→ EXERCISE DIRECTIONS: Each line from the one that contains "apply: big1 => j" to the last line of the records below must be restated word for word.

-- -- --

(* Let $\Omega$ be a finite sample space and let $P\neq Q$ be two probability distributions on $\Omega$. For every $\lambda\in(0,1)$, $$L(\lambda)\,H^2(P,Q)\le \mathrm{GJS}_\lambda(P\parallel Q)\le U(\lambda)\,H^2(P,Q)\le H^2(P,Q).$$ In particular, for $\lambda=1/2$, $\ln 2\le \mathrm{JS}(P\parallel Q)/H^2(P,Q)\le 1$.
   Context: $\mathrm{KL}(P\parallel Q)=\sum_{i:P(i)>0}P(i)\ln\frac{P(i)}{Q(i)}$. For $\lambda\in[0,1]$ and $M_\lambda=\lambda P+(1-\lambda)Q$, $\mathrm{GJS}_\lambda(P\parallel Q)=\lambda\,\mathrm{KL}(P\parallel M_\lambda)+(1-\lambda)\,\mathrm{KL}(Q\parallel M_\lambda)$, and $\mathrm{JS}=\mathrm{GJS}_{1/2}$. The squared Hellinger distance is $H^2(P,Q)=\frac12\sum_{i\in\Omega}(\sqrt{P(i)}-\sqrt{Q(i)})^2$. With $\eta(\lambda)=-\lambda\ln\lambda$, $L(\lambda)=2\min\{\eta(\lambda),\eta(1-\lambda)\}$ and $U(\lambda)=\frac{2\lambda(1-\lambda)}{1-2\lambda}\ln\frac{1-\lambda}{\lambda}$ for $\lambda\neq1/2$, $U(1/2)=1$. *)

From Stdlib Require Import Reals Lra List.
Import ListNotations.
Open Scope R_scope.

(* Finite sample space Omega = {0, ..., n-1}; distributions are functions nat -> R
   of which only the values on indices i < n matter. *)
Definition sumR (n : nat) (f : nat -> R) : R :=
  fold_right Rplus 0 (map f (seq 0 n)).

Definition is_distribution (n : nat) (P : nat -> R) : Prop :=
  (forall i, (i < n)%nat -> 0 <= P i) /\ sumR n P = 1.

Definition KL (n : nat) (P Q : nat -> R) : R :=
  sumR n (fun i => if Rlt_dec 0 (P i) then P i * ln (P i / Q i) else 0).

Definition mixture (lam : R) (P Q : nat -> R) : nat -> R :=
  fun i => lam * P i + (1 - lam) * Q i.

Definition GJS (n : nat) (lam : R) (P Q : nat -> R) : R :=
  lam * KL n P (mixture lam P Q) + (1 - lam) * KL n Q (mixture lam P Q).

Definition JS (n : nat) (P Q : nat -> R) : R := GJS n (1/2) P Q.

Definition Hellinger2 (n : nat) (P Q : nat -> R) : R :=
  (1/2) * sumR n (fun i => (sqrt (P i) - sqrt (Q i)) ^ 2).

Definition eta (lam : R) : R := - lam * ln lam.

Definition Lb (lam : R) : R := 2 * Rmin (eta lam) (eta (1 - lam)).

Definition Ub (lam : R) : R :=
  if Req_EM_T lam (1/2) then 1
  else (2 * lam * (1 - lam)) / (1 - 2 * lam) * ln ((1 - lam) / lam).

(* Both GJS_l and H^2 are sums over the sample space of pointwise terms in (x, y) =
   (P(i), Q(i)), homogeneous of degree one; so it suffices to compare the terms.  For
   y = 0 the GJS term is eta(l) x and the Hellinger term x/2.  For x, y > 0, writing
   x = y t^2 turns the comparison into one between the kernel
   g(t) = 2 l t^2 ln t - m ln m, m = l t^2 + 1 - l, and (t-1)^2/2.

   Lower bound (t >= 1, the case t < 1 follows by swapping P, Q and l, 1-l): both sides
   and their first derivatives agree at t = 1, and the second derivative of the
   difference is 2 l (ln w + 2 - 2 l w) - L(l) with w = t^2/m in [1, 1/l], which is
   at least min(4 l (1-l), 2 eta(l)) - L(l) >= 0.

   Upper bound (l <= 1/2): the difference U(l) (t-1)^2/2 - g(t) vanishes at t = 1 and at
   t = (1-l)/l (this is what the formula for U(l) encodes); outside these points it is
   monotone, and inside it cannot become negative because the sign changes of its
   derivative are governed by a convex quadratic.  Finally U(l) <= 1 and
   4 l (1-l), 2 eta(l) <= U(l) are elementary logarithm inequalities. *)
From Stdlib Require Import Reals Lra List Lia.
From Coquelicot Require Import Coquelicot.
Open Scope R_scope.

Lemma ln_le_sub_1 u : 0 < u -> ln u <= u - 1.
Proof. intro Hu. generalize (exp_ineq1_le (ln u)). rewrite exp_ln; lra. Qed.

Lemma one_sub_inv_le_ln u : 0 < u -> 1 - / u <= ln u.
Proof.
  intro Hu. generalize (ln_le_sub_1 (/ u) (Rinv_0_lt_compat _ Hu)).
  rewrite ln_Rinv; lra.
Qed.

Lemma MVT_deriv_neg f f' a b : a < b ->
  (forall c, a <= c <= b -> derivable_pt_lim f c (f' c)) ->
  f b < f a -> exists c, a < c < b /\ f' c < 0.
Proof.
  intros Hab Hd Hlt. destruct (MVT_cor2 f f' a b Hab Hd) as [c [Hc Hin]].
  exists c; split; [exact Hin | nra].
Qed.
(* Let $E$ be a Banach space and let $\mathscr{S}_1,\dots,\mathscr{S}_n\subseteq\mathcal{L}(E)$ be mean ergodic operator semigroups such that $ST=TS$ whenever $T\in\mathscr{S}_i$, $S\in\mathscr{S}_j$ with $i\neq j$. Then $$\ker(\mathscr{S}_1-\mathrm{Id})\cdots(\mathscr{S}_n-\mathrm{Id})=\ker(\mathscr{S}_1-\mathrm{Id})+\cdots+\ker(\mathscr{S}_n-\mathrm{Id}).$$
   Context: $\mathcal{L}(E)$ denotes the bounded linear operators on $E$. A semigroup $\mathscr{S}\subseteq\mathcal{L}(E)$ is mean ergodic if the closure (in the strong operator topology) of its convex hull contains a zero element $P$, i.e. $PT=P=TP$ for all $T\in\mathscr{S}$. For a set $\mathscr{A}\subseteq\mathcal{L}(E)$, $\ker\mathscr{A}=\bigcap_{A\in\mathscr{A}}\ker A$; here $\ker(\mathscr{S}_j-\mathrm{Id})=\bigcap_{S\in\mathscr{S}_j}\ker(S-\mathrm{Id})$, and $\ker(\mathscr{S}_1-\mathrm{Id})\cdots(\mathscr{S}_n-\mathrm{Id})$ is the intersection of $\ker\big((S_1-\mathrm{Id})\cdots(S_n-\mathrm{Id})\big)$ over all choices $S_j\in\mathscr{S}_j$. *)

From HB Require Import structures.
From mathcomp Require Import all_boot all_order all_algebra.
From mathcomp Require Import all_classical all_reals all_analysis.
Set Implicit Arguments. Unset Strict Implicit. Unset Printing Implicit Defensive.
Import Order.TTheory GRing.Theory Num.Theory.
Import numFieldNormedType.Exports.
Local Open Scope classical_set_scope.
Local Open Scope ring_scope.

(* Scalars K : numFieldType (covers R and C); E a Banach space over K. *)
Section Defs.
Variables (K : numFieldType) (E : completeNormedModType K).

Definition bounded_op (T : E -> E) : Prop := linear T /\ continuous T.

Definition op_semigroup (S : set (E -> E)) : Prop :=
  S `<=` bounded_op /\ forall T U, S T -> S U -> S (T \o U).

Definition conv_hull (S : set (E -> E)) : set (E -> E) :=
  [set A | exists (m : nat) (lam : 'I_m -> K) (Ts : 'I_m -> E -> E),
     [/\ forall k, 0 <= lam k, \sum_(k < m) lam k = 1, forall k, S (Ts k)
       & forall x, A x = \sum_(k < m) lam k *: Ts k x]].

(* P ∈ L(E) lies in the strong-operator-topology closure of C *)
Definition sot_closure (C : set (E -> E)) : set (E -> E) :=
  [set P | bounded_op P /\
     forall (m : nat) (xs : 'I_m -> E) (e : K), 0 < e ->
       exists2 A, C A & forall k, `|A (xs k) - P (xs k)| < e].

Definition zero_elt (S : set (E -> E)) (P : E -> E) : Prop :=
  forall T, S T -> P \o T = P /\ T \o P = P.

Definition mean_ergodic (S : set (E -> E)) : Prop :=
  exists2 P, sot_closure (conv_hull S) P & zero_elt S P.

Definition fix_space (S : set (E -> E)) : set E :=
  [set x | forall T, S T -> T x = x].

Definition prod_minus_id (n : nat) (f : 'I_n -> E -> E) : E -> E :=
  foldr (fun i g => (fun x => f i x - x) \o g) id (enum 'I_n).

Definition ker_prod (n : nat) (Ss : 'I_n -> set (E -> E)) : set E :=
  [set x | forall f : 'I_n -> E -> E, (forall j, Ss j (f j)) ->
             prod_minus_id f x = 0].

Definition sum_fix (n : nat) (Ss : 'I_n -> set (E -> E)) : set E :=
  [set x | exists2 y : 'I_n -> E, (forall j, fix_space (Ss j) (y j)) &
             x = \sum_(j < n) y j].
End Defs.

From HB Require Import structures.
From mathcomp Require Import all_boot all_order all_algebra.
From mathcomp Require Import all_classical all_reals all_analysis.
Set Implicit Arguments. Unset Strict Implicit. Unset Printing Implicit Defensive.
Import Order.TTheory GRing.Theory Num.Theory.
Import numFieldNormedType.Exports.
Local Open Scope classical_set_scope.
Local Open Scope ring_scope.

(* Let P_j be a zero element of S_j in the strong closure of conv(S_j).
   Since a continuous linear functional of (T - Id)y that vanishes for all T
   in S_j also vanishes for convex combinations and their strong limits, every
   factor (T_j - Id) of (T_1 - Id)...(T_n - Id) x = 0 may be replaced by
   (P_j - Id), so (P_1 - Id)...(P_n - Id) x = 0. Peeling off one factor at a
   time, x = sum_j y_j +- (P_1 - Id)...(P_k - Id) x with y_j in the range of
   P_j, which is fixed by S_j as T P_j = P_j. Conversely a fixed vector of S_j
   is killed by the product because (S_j - Id) commutes with the other
   factors. *)

Section LinearFun.
Variables (R : pzRingType) (U V : lmodType R) (T : U -> V).
Hypothesis linT : linear T.

Lemma lin0 : T 0 = 0.
Proof. by have := linT (-1) 0 0; rewrite scaler0 addr0 scaleN1r addNr. Qed.

Lemma linD u v : T (u + v) = T u + T v.
Proof. by have := linT 1 u v; rewrite !scale1r. Qed.

Lemma linB u v : T (u - v) = T u - T v.
Proof. by have := linT (-1) v u; rewrite !scaleN1r ![- _ + _]addrC. Qed.

Lemma linZ a u : T (a *: u) = a *: T u.
Proof. by have := linT a u 0; rewrite !addr0 lin0 addr0. Qed.

Lemma lin_sum (I : Type) (r : seq I) (F : I -> U) :
  T (\sum_(i <- r) F i) = \sum_(i <- r) T (F i).
Proof. by apply: (big_ind2 (fun a b => T a = b)) => [|a b c d <- <-|]; rewrite ?lin0 ?linD. Qed.

End LinearFun.

Section ProdSubId.
Variables (R : pzRingType) (V : lmodType R) (I : eqType).
Implicit Types (f g : I -> V -> V) (s : seq I).

Definition prod_sub_id f s : V -> V :=
  foldr (fun i h => (fun x => f i x - x) \o h) id s.

Lemma linear_prod_sub_id f s : (forall i, linear (f i)) -> linear (prod_sub_id f s).
Proof.
move=> linf; elim: s => [//|i s IH] a u v /=.
by rewrite IH linf scalerBr opprD addrACA.
Qed.

Lemma eq_prod_sub_id f g s : {in s, f =1 g} -> prod_sub_id f s =1 prod_sub_id g s.
Proof.
elim: s => [//|i s IH] fg x /=.
by rewrite IH ?fg ?mem_head // => j js; rewrite fg // inE js orbT.
Qed.

Lemma prod_sub_id_commute f s (T : V -> V) : linear T ->
  {in s, forall i, T \o f i = f i \o T} ->
  forall x, T (prod_sub_id f s x) = prod_sub_id f s (T x).
Proof.
move=> linT; elim: s => [//|i s IH] fT x /=.
rewrite linB // -IH => [|j js]; last by rewrite fT // inE js orbT.
by rewrite -[T (f i _)]/((T \o f i) _) fT ?mem_head.
Qed.

Lemma prod_sub_id_fixed f s j y : (forall i, linear (f i)) -> uniq s -> j \in s ->
  {in s, forall i, i != j -> f j \o f i = f i \o f j} ->
  f j y = y -> prod_sub_id f s y = 0.
Proof.
move=> linf; elim: s => [//|k s IH] /= /andP[ks us] js fjC fy.
have fjCs : {in s, forall i, i != j -> f j \o f i = f i \o f j}.
  by move=> i is_; apply: fjC; rewrite inE is_ orbT.
case: (eqVneq k j) => [kj|kj].
  subst k; rewrite prod_sub_id_commute ?fy ?subrr // => i is_.
  by apply: fjCs => //; apply: contraNneq ks => <-.
rewrite IH //; first by rewrite lin0 // subrr.
by move: js; rewrite inE eq_sym (negbTE kj).
Qed.

End ProdSubId.

Section ConvexApproximation.
Variables (K : numFieldType) (E : completeNormedModType K).
Variables (S : set (E -> E)) (L : E -> E) (y : E).
Hypotheses (linL : linear L) (L_S : forall T, S T -> L (T y - y) = 0).

Lemma conv_hull_sub_id A : conv_hull S A -> L (A y - y) = 0.
Proof.
move=> [m [lam [Ts [_ lam1 STs ->]]]].
have -> : \sum_(k < m) lam k *: Ts k y - y = \sum_(k < m) lam k *: (Ts k y - y).
  rewrite -[X in _ - X]scale1r -lam1 scaler_suml -sumrB.
  by apply: eq_bigr => k _; rewrite scalerBr.
by rewrite lin_sum //; apply: big1 => k _; rewrite linZ // L_S // scaler0.
Qed.

Lemma sot_closure_sub_id P : continuous L ->
  sot_closure (conv_hull S) P -> L (P y - y) = 0.
Proof.
move=> contL [_ P_lim]; apply/eqP; apply: contraT => LPy_neq0.
have LPy_gt0 : 0 < `|L (P y - y)| by rewrite normr_gt0.
have /cvgr_dist_lt/(_ _ LPy_gt0)/nbhs_normP[d d_gt0 near_Py] := contL (P y - y).
have [A hullA Ay_near] := P_lim 1%N (fun=> y) d d_gt0.
have := near_Py (A y - y).
rewrite /= opprB addrA subrK -opprB normrN => /(_ (Ay_near ord0)).
by rewrite (conv_hull_sub_id hullA) subr0 ltxx.
Qed.

End ConvexApproximation.

Lemma sot_closure_conv_hull_nonempty (K : numFieldType)
    (E : completeNormedModType K) (S : set (E -> E)) P :
  sot_closure (conv_hull S) P -> exists T, S T.
Proof.
move=> [_ /(_ 0%N (fun=> 0) 1 ltr01) [_ [[|m] [lam [Ts [_ lam1 STs _]]]] _]].
  by move: lam1; rewrite big_ord0 => /esym/eqP; rewrite oner_eq0.
by exists (Ts ord0).
Qed.

Section MeanErgodicProjections.
Variables (K : numFieldType) (E : completeNormedModType K) (n : nat).
Variables (Ss : 'I_n -> set (E -> E)) (P : 'I_n -> E -> E).

(* The induction runs over the list of factors still to be replaced; the
   functional L absorbs the factors already replaced by P. *)
Lemma prod_sub_id_projections x :
  (forall j, sot_closure (conv_hull (Ss j)) (P j)) ->
  forall s, uniq s -> forall L : E -> E, linear L -> continuous L ->
  (forall f, (forall j, Ss j (f j)) -> L (prod_sub_id f s x) = 0) ->
  L (prod_sub_id P s x) = 0.
Proof.
move=> P_lim; elim=> [|k s IH] /=.
  have /choice[f0 Ss_f0] := fun j => sot_closure_conv_hull_nonempty (P_lim j).
  by move=> _ L _ _ /(_ f0 Ss_f0).
move=> /andP[ks us] L linL contL L_f.
have [[linPk contPk] _] := P_lim k.
apply: (IH us (fun v => L (P k v - v))).
- by move=> a u v /=; rewrite linPk -linL scalerBr opprD addrACA.
- move=> v; apply: (@continuous_comp _ _ _ (fun v => P k v - v) L v).
    by apply: cvgB; [exact: contPk | exact: cvg_id].
  exact: contL.
move=> f Ss_f /=; apply: (sot_closure_sub_id linL _ contL (P_lim k)) => T SkT.
pose fT i := if i == k then T else f i.
have fT_s : prod_sub_id fT s x = prod_sub_id f s x.
  by apply: eq_prod_sub_id => i is_; rewrite /fT; case: eqP => // ik; rewrite -ik is_ in ks.
have fT_k : fT k = T by rewrite /fT eqxx.
have := L_f fT; rewrite /= fT_s fT_k; apply=> j.
by rewrite /fT; case: eqP => [->|].
Qed.

Lemma sum_fix_add_prod_sub_id x :
  (forall j, op_semigroup (Ss j)) -> (forall j, zero_elt (Ss j) (P j)) ->
  forall s, exists2 y : 'I_n -> E, (forall j, fix_space (Ss j) (y j)) &
    x = \sum_(j < n) y j + (-1) ^+ size s *: prod_sub_id P s x.
Proof.
move=> semiSs zeroP.
have linSs j T : Ss j T -> linear T by move=> SjT; exact: ((semiSs j).1 T SjT).1.
elim=> [|k s [y fix_y x_eq]] /=.
  exists (fun=> 0); first by move=> j T /linSs; apply: lin0.
  by rewrite big1 // add0r expr0 scale1r.
set z := prod_sub_id P s x.
exists (fun j => y j + (if j == k then (-1) ^+ size s *: P k z else 0)).
  move=> j T SjT /=; have linT := linSs j T SjT.
  rewrite linD // fix_y //; case: eqP => [jk|_]; last by rewrite lin0.
  by rewrite -jk linZ // -[in RHS](zeroP j T SjT).2.
have sum_k (c : E) : \sum_(j < n) (if j == k then c else 0) = c.
  by rewrite (bigD1 k) //= eqxx big1 ?addr0 // => j /negbTE ->.
rewrite big_split /= sum_k {1}x_eq exprS mulN1r scaleNr scalerBr opprB -!addrA.
by congr (_ + _); rewrite addrC subrK.
Qed.

End MeanErgodicProjections.

Theorem theorem1p3 (K : numFieldType) (E : completeNormedModType K)
    (n : nat) (Ss : 'I_n -> set (E -> E)) :
  (forall j, op_semigroup (Ss j)) ->
  (forall j, mean_ergodic (Ss j)) ->
  (forall i j : 'I_n, i != j -> forall T S, Ss i T -> Ss j S -> S \o T = T \o S) ->
  ker_prod Ss = sum_fix Ss.
Proof.
move=> semiSs ergSs commSs.
have /choice[P P_spec] : forall j, exists P, sot_closure (conv_hull (Ss j)) P /\
    zero_elt (Ss j) P by move=> j; have [P ? ?] := ergSs j; exists P.
apply/seteqP; split=> x.
- move=> x_ker; have P_ker : prod_sub_id P (enum 'I_n) x = 0.
    apply: (prod_sub_id_projections (L := id) (fun j => (P_spec j).1) (enum_uniq _)).
    + by move=> a u v.
    + by move=> v; exact: cvg_id.
    + exact: x_ker.
  have [y fix_y ->] := sum_fix_add_prod_sub_id x semiSs (fun j => (P_spec j).2) (enum 'I_n).
  by exists y; rewrite // P_ker scaler0 addr0.
- move=> [y fix_y ->] f Ss_f.
  have linf i : linear (f i) by exact: ((semiSs i).1 _ (Ss_f i)).1.
  rewrite [prod_minus_id _ _]lin_sum; last exact: linear_prod_sub_id.
  apply: big1 => j _; apply: (prod_sub_id_fixed _ (enum_uniq _)) => //.
  + by rewrite mem_enum.
  + by move=> i _ ij; exact: commSs ij _ _ (Ss_f i) (Ss_f j).
  + exact: fix_y (f j) (Ss_f j).
Qed.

-- -- --

→ RESULT OF THIS EXERCISE:
  apply: big1 => j _; apply: (prod_sub_id_fixed _ (enum_uniq _)) => //.
  + by rewrite mem_enum.
  + by move=> i _ ij; exact: commSs ij _ _ (Ss_f i) (Ss_f j).
  + exact: fix_y (f j) (Ss_f j).
Qed.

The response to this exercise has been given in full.